GitHub OAuth uses GitHub.com organization membership to grant and control access to your GitHub Enterprise instance.
Warning: Support for user authentication via GitHub OAuth will be removed after November 2015. To prepare for this, you should plan to implement a different authentication method. For more information, see "Authenticating users to your GitHub Enterprise instance."
If your company or organization already has an organization account with team members established on GitHub.com, you can use that organization account to grant and control access to your GitHub Enterprise instance. The first time a user logs into your instance, their Enterprise account is created with the same profile information, email addresses, and public SSH keys as their GitHub.com account.
Members of your GitHub.com organization do not take up license seats until they log into your Enterprise instance.
Register a new OAuth application
In the top right corner of any page, click your username.
On the left side of your profile page, under "Organizations", click the icon for your organization.
To the right of your organization name, click .
In the Organization Settings sidebar, click Applications.
- Under Organization applications, click Register new application.
- Fill in the form for your new application:
- Application name: the name you want to appear when users authorize your Enterprise instance to access their GitHub.com account information.
- Homepage URL: the URL of your Enterprise instance.
- Application description: optional, displayed to users when they authorize your application.
-
Authorization callback URL: the URL of your instance, followed by
/auth/github_oauth/callback
. e.g.,https://enterprise-hostname.com/auth/github_oauth/callback
. - Click Register application.
- Note the Client ID and Client Secret on the registration page. You will need them for configuring OAuth on your Enterprise instance.
Configure OAuth on your Enterprise instance
In the left sidebar, click Authentication.
Select GitHub OAuth.
- Fill in the OAuth settings:
- OAuth Client ID: The client ID created for the OAuth application above.
- OAuth Client Secret: The client secret created for the OAuth application above.
-
Organization name: The name of your GitHub.com organization. To restrict access to a certain team within your organization, you can also enter a
<organization_name>/<team_id>
pair. Use the/orgs/teams
endpoint in the GitHub API to find your team and retrieve its ID number.
User sign-in
To sign into GitHub Enterprise, users must take the following steps:
- On the Enterprise instance site, click Sign in. This should redirect you to GitHub.com’s sign-in page.
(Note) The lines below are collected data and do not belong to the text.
(* Let $f:\mathbb{N}\to[0,\infty)$ be a weakly super-multiplicative function which has a normal order $g:(0,\infty)\to(0,\infty)$ (so $g$ is strictly positive), where $g$ is either non-decreasing or $\log$-uniformly continuous. Then \[ \sup_{n\ge 2}\frac{\log f(n)}{\log n} \;=\; \lim\operatorname{ess}_{n}\frac{\log f(n)}{\log n}, \] i.e. the essential limit on the right exists (possibly equal to $\infty$) and equals the supremum on the left (with the convention $\log 0=-\infty$).
   Context: A function $f:\mathbb{N}\to[0,\infty)$ is weakly super-multiplicative if for all $n\in\mathbb{N}$ and all $\epsilon>0$ there exist $x_0>0$ and $\delta>0$ such that for all real $x>x_0$, $\#\{m\in\mathbb{N}\cap[x,(1+\epsilon)x]: f(nm)\ge(1-\epsilon)f(n)f(m)\}\ge\delta x$. A function $f:\mathbb{N}\to[0,\infty)$ has normal order $g$ if for every $\epsilon>0$ the set $\{n\in\mathbb{N}: |f(n)-g(n)|\ge\epsilon g(n)\}$ has upper (natural) density $0$. A function $g:(0,\infty)\to(0,\infty)$ is $\log$-uniformly continuous if for every $\epsilon>0$ there is $\delta>0$ such that for all $x,y>0$ with $|x/y-1|<\delta$ we have $|g(x)/g(y)-1|<\epsilon$. The essential limit of a sequence $(a_n)$ exists and equals $a\in\mathbb{R}$ if for every $\epsilon>0$ the set $\{n:|a_n-a|>\epsilon\}$ has natural density $0$; it equals $\infty$ if for every $M\in\mathbb{R}$ the set $\{n: a_n<M\}$ has natural density $0$. *)

From Stdlib Require Import Reals Lra Lia List Classical ClassicalEpsilon.
Import ListNotations.
Open Scope R_scope.

Definition indic (P : Prop) : R :=
  if excluded_middle_informative P then 1 else 0.

Fixpoint cnt (A : nat -> Prop) (N : nat) : R :=
  match N with
  | O => 0
  | S k => cnt A k + indic (A (S k))
  end.

Definition upper_density_zero (A : nat -> Prop) : Prop :=
  forall eps : R, 0 < eps ->
    exists N0 : nat, forall N : nat, (N0 <= N)%nat -> cnt A N / INR N <= eps.

Definition density_zero (A : nat -> Prop) : Prop :=
  Un_cv (fun N => cnt A N / INR N) 0.

(* Weak super-multiplicativity. N = {1,2,...}.  The cardinality bound
   #{...} >= delta*x is expressed by a duplicate-free list of such m. *)
Definition weakly_supermultiplicative (f : nat -> R) : Prop :=
  forall (n : nat) (eps : R), (1 <= n)%nat -> 0 < eps ->
    exists x0 delta : R, 0 < x0 /\ 0 < delta /\
      forall x : R, x0 < x ->
        exists l : list nat, NoDup l /\
          (forall m, In m l ->
             x <= INR m <= (1 + eps) * x /\
             f (n * m)%nat >= (1 - eps) * f n * f m) /\
          delta * x <= INR (length l).

Definition normal_order (f : nat -> R) (g : R -> R) : Prop :=
  forall eps : R, 0 < eps ->
    upper_density_zero (fun n => (1 <= n)%nat /\
                                 Rabs (f n - g (INR n)) >= eps * g (INR n)).

Definition nondecreasing_pos (g : R -> R) : Prop :=
  forall x y : R, 0 < x -> x <= y -> g x <= g y.

Definition log_uniformly_continuous (g : R -> R) : Prop :=
  forall eps : R, 0 < eps -> exists delta : R, 0 < delta /\
    forall x y : R, 0 < x -> 0 < y -> Rabs (x / y - 1) < delta ->
      Rabs (g x / g y - 1) < eps.

(* log f(n) / log n, with None standing for -infinity (when f n = 0). *)
Definition logratio (f : nat -> R) (n : nat) : option R :=
  if Rlt_dec 0 (f n) then Some (ln (f n) / ln (INR n)) else None.

Inductive Rinf : Type := Fin (a : R) | PInf.

Definition is_sup_logratio (f : nat -> R) (l : Rinf) : Prop :=
  match l with
  | Fin a =>
      (forall n r, (2 <= n)%nat -> logratio f n = Some r -> r <= a) /\
      (forall eps, 0 < eps -> exists n r,
          (2 <= n)%nat /\ logratio f n = Some r /\ a - eps < r)
  | PInf =>
      forall M, exists n r, (2 <= n)%nat /\ logratio f n = Some r /\ M < r
  end.

Definition is_esslim_logratio (f : nat -> R) (l : Rinf) : Prop :=
  match l with
  | Fin a =>
      forall eps, 0 < eps ->
        density_zero (fun n => (2 <= n)%nat /\
          match logratio f n with
          | Some r => Rabs (r - a) > eps
          | None => True
          end)
  | PInf =>
      forall M,
        density_zero (fun n => (2 <= n)%nat /\
          match logratio f n with
          | Some r => r < M
          | None => True
          end)
  end.

(* Fix n >= 2 with f(n) > 0 and rho < log f(n) / log n.  Weak super-multiplicativity
   and the normal order produce, for every eps > 0 and every large y, a multiplier
   m in [y, (1+eps) y] with f(nm) >= (1-eps) f(n) f(m) and both m and nm typical,
   i.e. f close to g there.  The regularity of g transfers this to
   g(lam y) >= (1-eps)^3/(1+eps)^2 f(n) g(y) for some lam in [n, (1+eps) n];
   iterating gives g(y) >> y^beta with beta as close to log f(n) / log n as we
   like, in particular beta > rho.  So f(m) < m^rho makes m atypical for large m,
   and the m with log f(m) / log m < rho have density zero.  As no ratio exceeds
   the supremum, the essential limit is the supremum. *)

From Stdlib Require Import Reals Lra Lia List ZArith Classical ClassicalEpsilon.
Open Scope R_scope.

(** * Counting *)

Lemma indic_bounds (P : Prop) : 0 <= indic P <= 1.
Proof. unfold indic; destruct (excluded_middle_informative P); lra. Qed.

Lemma indic_true (P : Prop) : P -> indic P = 1.
Proof. unfold indic; destruct (excluded_middle_informative P); tauto. Qed.

Lemma indic_false (P : Prop) : ~ P -> indic P = 0.
Proof. unfold indic; destruct (excluded_middle_informative P); tauto. Qed.

Lemma indic_le (P Q : Prop) : (P -> Q) -> indic P <= indic Q.
Proof.
  intro H; unfold indic.
  destruct (excluded_middle_informative P), (excluded_middle_informative Q); tauto || lra.
Qed.

Lemma indic_or (P Q : Prop) : indic (P \/ Q) <= indic P + indic Q.
Proof.
  unfold indic; destruct (excluded_middle_informative (P \/ Q)),
    (excluded_middle_informative P), (excluded_middle_informative Q); tauto || lra.
Qed.

Lemma cnt_nonneg A N : 0 <= cnt A N.
Proof. induction N; simpl; [lra|]. pose proof (indic_bounds (A (S N))); lra. Qed.

Lemma cnt_subset (A B : nat -> Prop) N : (forall m, A m -> B m) -> cnt A N <= cnt B N.
Proof.
  intro H; induction N; simpl; [lra|].
  pose proof (indic_le (A (S N)) (B (S N)) (H _)); lra.
Qed.

Lemma cnt_union (A B : nat -> Prop) N :
  cnt (fun m => A m \/ B m) N <= cnt A N + cnt B N.
Proof. induction N; simpl; [lra|]. pose proof (indic_or (A (S N)) (B (S N))); lra. Qed.

Lemma cnt_le_N A N K : (N <= K)%nat -> cnt A N <= cnt A K.
Proof.
  intro H; induction H; [lra|].
  simpl; pose proof (indic_bounds (A (S m))); lra.
Qed.

Lemma cnt_preimage_mul (A : nat -> Prop) n N :
  (1 <= n)%nat -> cnt (fun m => A (n * m)%nat) N <= cnt A (n * N).
Proof.
  intro Hn; induction N as [|N IH].
  - rewrite Nat.mul_0_r; simpl; lra.
  - simpl cnt at 1.
    replace (n * S N)%nat with (S (n * N + (n - 1))) by lia; simpl cnt.
    pose proof (cnt_le_N A (n * N) (n * N + (n - 1)) ltac:(lia)); lra.
Qed.

Lemma cnt_bounded_set (A : nat -> Prop) M N :
  (forall m, A m -> (m <= M)%nat) -> cnt A N <= INR M.
Proof.
  intro H; apply Rle_trans with (INR (Nat.min N M)); [|apply le_INR; lia].
  induction N as [|N IH]; simpl cnt; [simpl; lra|].
  destruct (Nat.le_gt_cases (S N) M).
  - replace (Nat.min (S N) M) with (S N) in * by lia.
    replace (Nat.min N M) with N in IH by lia.
    rewrite S_INR; pose proof (indic_bounds (A (S N))); lra.
  - rewrite indic_false by (intro HA; specialize (H _ HA); lia).
    apply Rle_trans with (INR (Nat.min N M)); [lra| apply le_INR; lia].
Qed.
(* Taking [Re] loses nothing on hermitian spectra, whose synthesis is real
   ([sum_hermitian]). *)
Definition idft (g : nat -> C) : ncx R n :=
  fun p => n%:R^-1 * Re (\sum_(j < n) g j * omega ^+ (j * (n - p))).

Lemma sum_ord_modn (V : nmodType) (F : nat -> V) s :
  \sum_(q < n) (if (s %% n == q)%N then F q else 0) = F (s %% n)%N.
Proof.
by rewrite -big_mkcond (big_pred1 (Ordinal (ltn_pmod s n_gt0))).
Qed.

Lemma dft_mul u w j : dft (ncx_mul u w) j = dft u j * dft w j.
Proof.
have conv q : (ncx_mul u w q)%:C * omega ^+ (j * q) = \sum_(a < n) \sum_(b < n)
    (if ((a + b) %% n == q)%N then (u a * w b)%:C * omega ^+ (j * q) else 0).
  rewrite rmorph_sum mulr_suml; apply: eq_bigr => a _.
  rewrite rmorph_sum mulr_suml; apply: eq_bigr => b _.
  by case: ifP; rewrite ?rmorph0 ?mul0r.
rewrite /dft (eq_bigr _ (fun q _ => conv q)) exchange_big mulr_suml.
apply: eq_bigr => a _; rewrite exchange_big mulr_sumr; apply: eq_bigr => b _.
rewrite (sum_ord_modn (fun q => (u a * w b)%:C * omega ^+ (j * q))).
rewrite mulnC exprM (prim_expr_mod prim_omega) -exprM.
by rewrite mulnC mulnDr exprD rmorphM mulrACA.
Qed.

Lemma dft_one j : dft (@ncx_one R n) j = 1.
Proof.
rewrite /dft /ncx_one (bigD1 (Ordinal n_gt0)) //= muln0 mulr1 big1 ?addr0 // => q.
by rewrite -val_eqE /= => /negbTE ->; rewrite mul0r.
Qed.

Lemma dft_npow x k j : dft (ncx_npow x k) j = dft x j ^+ k.
Proof.
elim: k => [|k IH]; first by rewrite dft_one.
by rewrite /ncx_npow iterS -/(ncx_npow x k) dft_mul IH exprS.
Qed.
- On the GitHub.com sign-in page, enter your GitHub.com credentials.
- If you haven’t authorized your company’s application, you will be prompted to do so and redirected to your Enterprise instance.
- If you’ve already authorized the application, you will be redirected right away.
Promoting site administrators
Site administrators must be promoted manually. You can promote them from the site admin page or the command line tools.
For more information, see "Promoting or demoting a site administrator".
Suspending users
Users must be suspended manually. To suspend a user, see "Suspending and unsuspending users".